The reports about capitalism's imminent demise may be somewhat exaggerated, as the ideology of a free but socially committed and fairly regulated market economy was never questioned in Davos. However, there was some discussion as to whether capitalism in its present form serves or undermines the free market economy. A clear distinction needs to be made in this regard between the ideology of a social market economy based on individual responsibility on the one hand, and the term capitalism as such on the other. Over the course of the past 200 years a range of different interpretations of capitalism have emerged as a reaction to industrialization. In historical terms, the transition from manual trades to machines required an ever increasing degree of investment, and therefore the provision of capital. In this sense, capitalism is not an ideology as such, but an applied theory of the creation and efficient deployment of capital as a factor of production. In its genuine sense, capitalism is therefore the component of an economic system that relates to the capital market, enshrined in the principles of a free market and guaranteed ownership. However, these principles are part of a more comprehensive ideology.
Unfortunately, in today's parlance this free market ideology has been equated with "capitalism" as a technical component. As a result, it is easy to gain the impression that the free market economic system founded on individual freedom and, at the same time, social responsibility, is to blame for the excesses of a capitalism that has lost its equilibrium. This is clearly incorrect. The subject of intense debate in Davos was not, therefore, the end of capitalism as an ideology, but the issue of how capitalism's technical components -- which have come off the rails -- can be reformed.

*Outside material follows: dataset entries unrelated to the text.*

(* Let $\omega(n)\to+\infty$. If $p=p(n)$ satisfies \[2\frac{\log(n)+\omega(n)}{n}\le p\le 1-\frac{\log(n)+\log(\log(n))+\omega(n)}{n},\] then the probability that $\Gamma\in G(n,p)$ has a non-adjacent domination pair tends to $0$ as $n\to\infty$.
   Context: $G(n,p)$ is the Erdős–Rényi random graph on $n$ vertices with each edge present independently with probability $p$; $\log$ is the natural logarithm. For distinct vertices $a,b$, $a$ dominates $b$ if every vertex adjacent to $b$ is adjacent to or equal to $a$; the pair is non-adjacent if $a$ and $b$ are not adjacent. *)

From HB Require Import structures.
From mathcomp Require Import all_boot all_order all_algebra.
From mathcomp Require Import all_classical all_reals all_analysis.
Set Implicit Arguments. Unset Strict Implicit. Unset Printing Implicit Defensive.
Import Order.TTheory GRing.Theory Num.Theory.
Local Open Scope ring_scope.

(* A simple graph on vertex set 'I_n is given by its edge set E, a set of
   2-element subsets of 'I_n. *)
Definition pairs (n : nat) : {set {set 'I_n}} := [set e : {set 'I_n} | #|e| == 2%N].

Definition is_graph (n : nat) (E : {set {set 'I_n}}) : bool := E \subset pairs n.

Definition adj (n : nat) (E : {set {set 'I_n}}) (a b : 'I_n) : bool :=
  (a != b) && ([set a; b] \in E).

Definition dominates (n : nat) (E : {set {set 'I_n}}) (a b : 'I_n) : bool :=
  [forall v, adj E v b ==> (adj E v a || (v == a))].

Definition has_nonadj_dom_pair (n : nat) (E : {set {set 'I_n}}) : bool :=
  [exists a, exists b, [&& a != b, ~~ adj E a b & dominates E a b]].

Definition gnp_weight (R : realType) (n : nat) (p : R) (E : {set {set 'I_n}}) : R :=
  p ^+ #|E| * (1 - p) ^+ ('C(n, 2) - #|E|).

Definition gnp_prob (R : realType) (n : nat) (p : R) (P : {set {set 'I_n}} -> bool) : R :=
  \sum_(E : {set {set 'I_n}} | is_graph E && P E) gnp_weight p E.

(* Distinct a, b form a non-adjacent domination pair iff ab is a non-edge and no
   vertex v is adjacent to b but not to a.  These conditions involve pairwise
   disjoint sets of edges, so (by inclusion-exclusion over the set of vertices
   v violating the second condition) the pair has probability exactly
   (1 - p) (1 - p (1 - p))^(n - 2), and the union bound over ordered pairs gives
   at most n^2 (1 - p) exp(-(n - 2) p (1 - p)).  When p <= 1/2 the lower bound
   on p makes this O(e^(-2 t)); when p >= 1/2 the upper bound, i.e.
   n (1 - p) >= log n + log log n + t, makes it O(e^(-t)), the log log n term
   paying for the factor n (1 - p).  Here t = min(omega(n), log log n) -> +oo. *)

From HB Require Import structures.
From mathcomp Require Import all_boot all_order all_algebra.
From mathcomp Require Import all_classical all_reals all_analysis.
From mathcomp Require Import ring lra.
Set Implicit Arguments.
Unset Strict Implicit.
Unset Printing Implicit Defensive.

Import Order.TTheory GRing.Theory Num.Theory.
Import numFieldNormedType.Exports.
Local Open Scope ring_scope.

Lemma prodr1B_subsets (R : comPzRingType) (I : finType) (S : {set I}) (x : I -> R) :
  \prod_(i in S) (1 - x i) = \sum_(J : {set I} | J \subset S) (-1) ^+ #|J| * \prod_(i in J) x i.
Proof.
rewrite big_mkcond /=.
have -> : \prod_i (if i \in S then 1 - x i else 1) =
          \prod_i ((if i \in S then - x i else 0) + 1).
  by apply: eq_bigr => i _; case: (i \in S); rewrite ?add0r // addrC.
rewrite bigA_distr [RHS]big_mkcond /=; apply: eq_bigr => J _.
case: ifP => [/fintype.subsetP JS | /negbT /fintype.subsetPn [i iJ /negbTE niS]].
  rewrite -prodrN [RHS]big_mkcond /=; apply: eq_bigr => i _.
  by case: (boolP (i \in J)) => [/JS -> | _].
by rewrite (bigD1 i) //= iJ niS mul0r.
Qed.

Lemma prodr_natb (R : comPzSemiRingType) (I : finType) (A : {pred I}) (P : pred I) :
  \prod_(i in A) ((P i)%:R : R) = [forall i in A, P i]%:R.
Proof.
case: (boolP [forall i in A, P i]) => [/forall_inP PA | ].
  by rewrite big1 // => i /PA ->.
rewrite negb_forall_in => /exists_inP [i iA /negbTE Pi].
by rewrite (bigD1 i iA) /= Pi mul0r.
Qed.

Lemma prodr_if_const (R : comPzSemiRingType) (I : finType) (A B : {set I}) (x : R) :
  B \subset A -> \prod_(i in A) (if i \in B then x else 1) = x ^+ #|B|.
Proof.
move=> /fintype.subsetP BA; rewrite -big_mkcondr -prodr_const.
by apply: eq_bigl => i; rewrite andb_idl // => /BA.
Qed.

Section Gnp.
Variables (R : realType) (n : nat) (p : R).
Implicit Types (E : {set {set 'I_n}}) (P : {set {set 'I_n}} -> bool).

Lemma gnp_probE P : gnp_prob p P = \sum_(E | is_graph E) gnp_weight p E * (P E)%:R.
Proof. by rewrite /gnp_prob big_mkcondr; apply: eq_bigr => E _; case: (P E); rewrite ?mulr1 ?mulr0. Qed.

Lemma card_pairs : #|pairs n| = 'C(n, 2).
Proof. by rewrite card_draws card_ord. Qed.

Lemma gnp_weightE E : is_graph E ->
  gnp_weight p E = \prod_(e in pairs n) (if e \in E then p else 1 - p).
Proof.
move=> Epairs; have pairsIE : pairs n :&: E = E by apply/finset.setIidPr.
rewrite (big_setID E) /= pairsIE.
rewrite (eq_bigr (fun=> p)) => [|e]; last by move=> ->.
rewrite [X in _ * X](eq_bigr (fun=> 1 - p)) => [|e]; last by rewrite !inE => /andP [/negbTE ->].
by rewrite !prodr_const cardsD pairsIE card_pairs.
Qed.

Lemma gnp_sum_prod (g : {set 'I_n} -> bool -> R) :
  \sum_(E | is_graph E) gnp_weight p E * \prod_(e in pairs n) g e (e \in E) =
  \prod_(e in pairs n) (p * g e true + (1 - p) * g e false).
Proof.
pose F1 e := if e \in pairs n then p * g e true else 0.
pose F2 e := if e \in pairs n then (1 - p) * g e false else 1.
have -> : \prod_(e in pairs n) (p * g e true + (1 - p) * g e false) = \prod_e (F1 e + F2 e).
  by rewrite big_mkcond; apply: eq_bigr => e _; rewrite /F1 /F2; case: ifP; rewrite ?add0r.
rewrite bigA_distr big_mkcond; apply: eq_bigr => E _.
case: ifP => [Epairs | /negbT /fintype.subsetPn [e eE /negbTE epairs]]; last first.
  by rewrite (bigD1 e) //= eE /F1 epairs mul0r.
rewrite gnp_weightE // -big_split /= big_mkcond /=; apply: eq_bigr => e _.
rewrite /F1 /F2; case: (boolP (e \in pairs n)) => [_ | epairs]; last first.
  by case: ifP => // /(fintype.subsetP Epairs); rewrite (negbTE epairs).
by case: (e \in E).
Qed.

Lemma gnp_prob_pattern (Y N : {set {set 'I_n}}) :
  Y \subset pairs n -> N \subset pairs n -> [disjoint Y & N] ->
  gnp_prob p (fun E => (Y \subset E) && [disjoint N & E]) = p ^+ #|Y| * (1 - p) ^+ #|N|.
Proof.
move=> Ypairs Npairs YN.
pose g (e : {set 'I_n}) (b : bool) : R := (((e \in Y) ==> b) && ((e \in N) ==> ~~ b))%:R.
transitivity (\sum_(E | is_graph E) gnp_weight p E * \prod_(e in pairs n) g e (e \in E)).
  rewrite gnp_probE; apply: eq_bigr => E _; congr (_ * _).
  rewrite prodr_natb finset.disjoints_subset; congr ((nat_of_bool _)%:R).
  apply/idP/idP => [/andP [/fintype.subsetP YE /fintype.subsetP NE] | /forall_inP g1].
    by apply/forall_inP => e _; apply/andP; split; apply/implyP; [move/YE | move/NE; rewrite inE].
  apply/andP; split; apply/fintype.subsetP => e eYN.
  - by have /andP [/implyP -> //] := g1 e (fintype.subsetP Ypairs e eYN).
  - by have /andP [_ /implyP] := g1 e (fintype.subsetP Npairs e eYN); rewrite inE; apply.
rewrite gnp_sum_prod -(prodr_if_const p Ypairs) -(prodr_if_const (1 - p) Npairs) -big_split /=.
apply: eq_bigr => e _; rewrite /g; case: (boolP (e \in Y)) => [eY | _].
  by rewrite (disjointFr YN eY) /= mulr1 mulr0 addr0.
by case: (e \in N); rewrite /= ?mulr1 ?mulr0 ?add0r ?mul1r // addrC subrK.
Qed.

Hypothesis p01 : 0 <= p <= 1.

Lemma gnp_weight_ge0 E : 0 <= gnp_weight p E.
Proof. by case/andP: p01 => p0 p1; rewrite mulr_ge0 ?exprn_ge0 ?subr_ge0. Qed.

Lemma gnp_prob_ge0 P : 0 <= gnp_prob p P.
Proof. exact/sumr_ge0/(fun E _ => gnp_weight_ge0 E). Qed.

Lemma gnp_prob_exists_le (I : finType) (P : I -> {set {set 'I_n}} -> bool) :
  gnp_prob p (fun E => [exists i, P i E]) <= \sum_i gnp_prob p (P i).
Proof.
rewrite gnp_probE (eq_bigr _ (fun i _ => gnp_probE (P i))) exchange_big /=.
apply: ler_sum => E _; rewrite -big_distrr; apply: ler_wpM2l; first exact: gnp_weight_ge0.
have sum_ge0 (A : pred I) : 0 <= \sum_(i | A i) ((P i E)%:R : R).
  by apply: sumr_ge0 => i _; case: (P i E).
case: (boolP [exists i, P i E]) => [/existsP [i Pi] | _]; last exact: sum_ge0.
by rewrite (bigD1 i) //= Pi lerDl sum_ge0.
Qed.

End Gnp.

Lemma pairs_set2 (n : nat) (x y : 'I_n) : ([set x; y] \in pairs n) = (x != y).
Proof. by rewrite inE cards2; case: (x != y). Qed.

Section Domination.
Variables (R : realType) (n : nat) (p : R) (a b : 'I_n).
Hypothesis ab : a != b.
Implicit Types (E : {set {set 'I_n}}) (J : {set 'I_n}).

Lemma nonadj_dominatesE E :
  ~~ adj E a b && dominates E a b =
  ([set a; b] \notin E) && [forall v in ~: [set a; b], ([set v; b] \in E) ==> ([set v; a] \in E)].
Proof.
rewrite /adj ab /=; apply: andb_id2l => abE.
apply/forallP/forall_inP => [dom v | dom v].
  rewrite !inE negb_or => /andP [va vb]; apply/implyP => vbE.
  by have := implyP (dom v); rewrite /adj (negbTE va) vb vbE /= orbF; apply.
apply/implyP; rewrite /adj => /andP [vb vbE].
case: (eqVneq v a) => [_ | va]; first by rewrite orbT.
by rewrite orbF (implyP (dom v _)) // !inE negb_or va.
Qed.

(* The edges and non-edges forced by the non-edge ab together with every v in J
   witnessing that a does not dominate b (vb an edge, va not). *)
Definition witness_edges J : {set {set 'I_n}} := [set [set v; b] | v in J].
Definition witness_nonedges J : {set {set 'I_n}} := [set a; b] |: [set [set v; a] | v in J].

One of the criticisms of capitalism centers on the widening gap between winners and losers due to the so-called turbocapitalism that is a result of global competition. In this context, the so-called Nordic model demonstrates that a high degree of labor market flexibility and social welfare systems do not have to be mutually exclusive -- indeed, they can actually be combined to very good effect. This type of economic policy also enables countries to invest in innovation, childcare, education and training. The Scandinavian countries, which underwent a similar banking crisis in the 1990s to that which we are now experiencing in other Western economies, have shown that by reforming regulation and social welfare systems, flexible labor and capital markets really are compatible with social responsibility. So it is no coincidence that these countries are now among the most competitive economies in the world.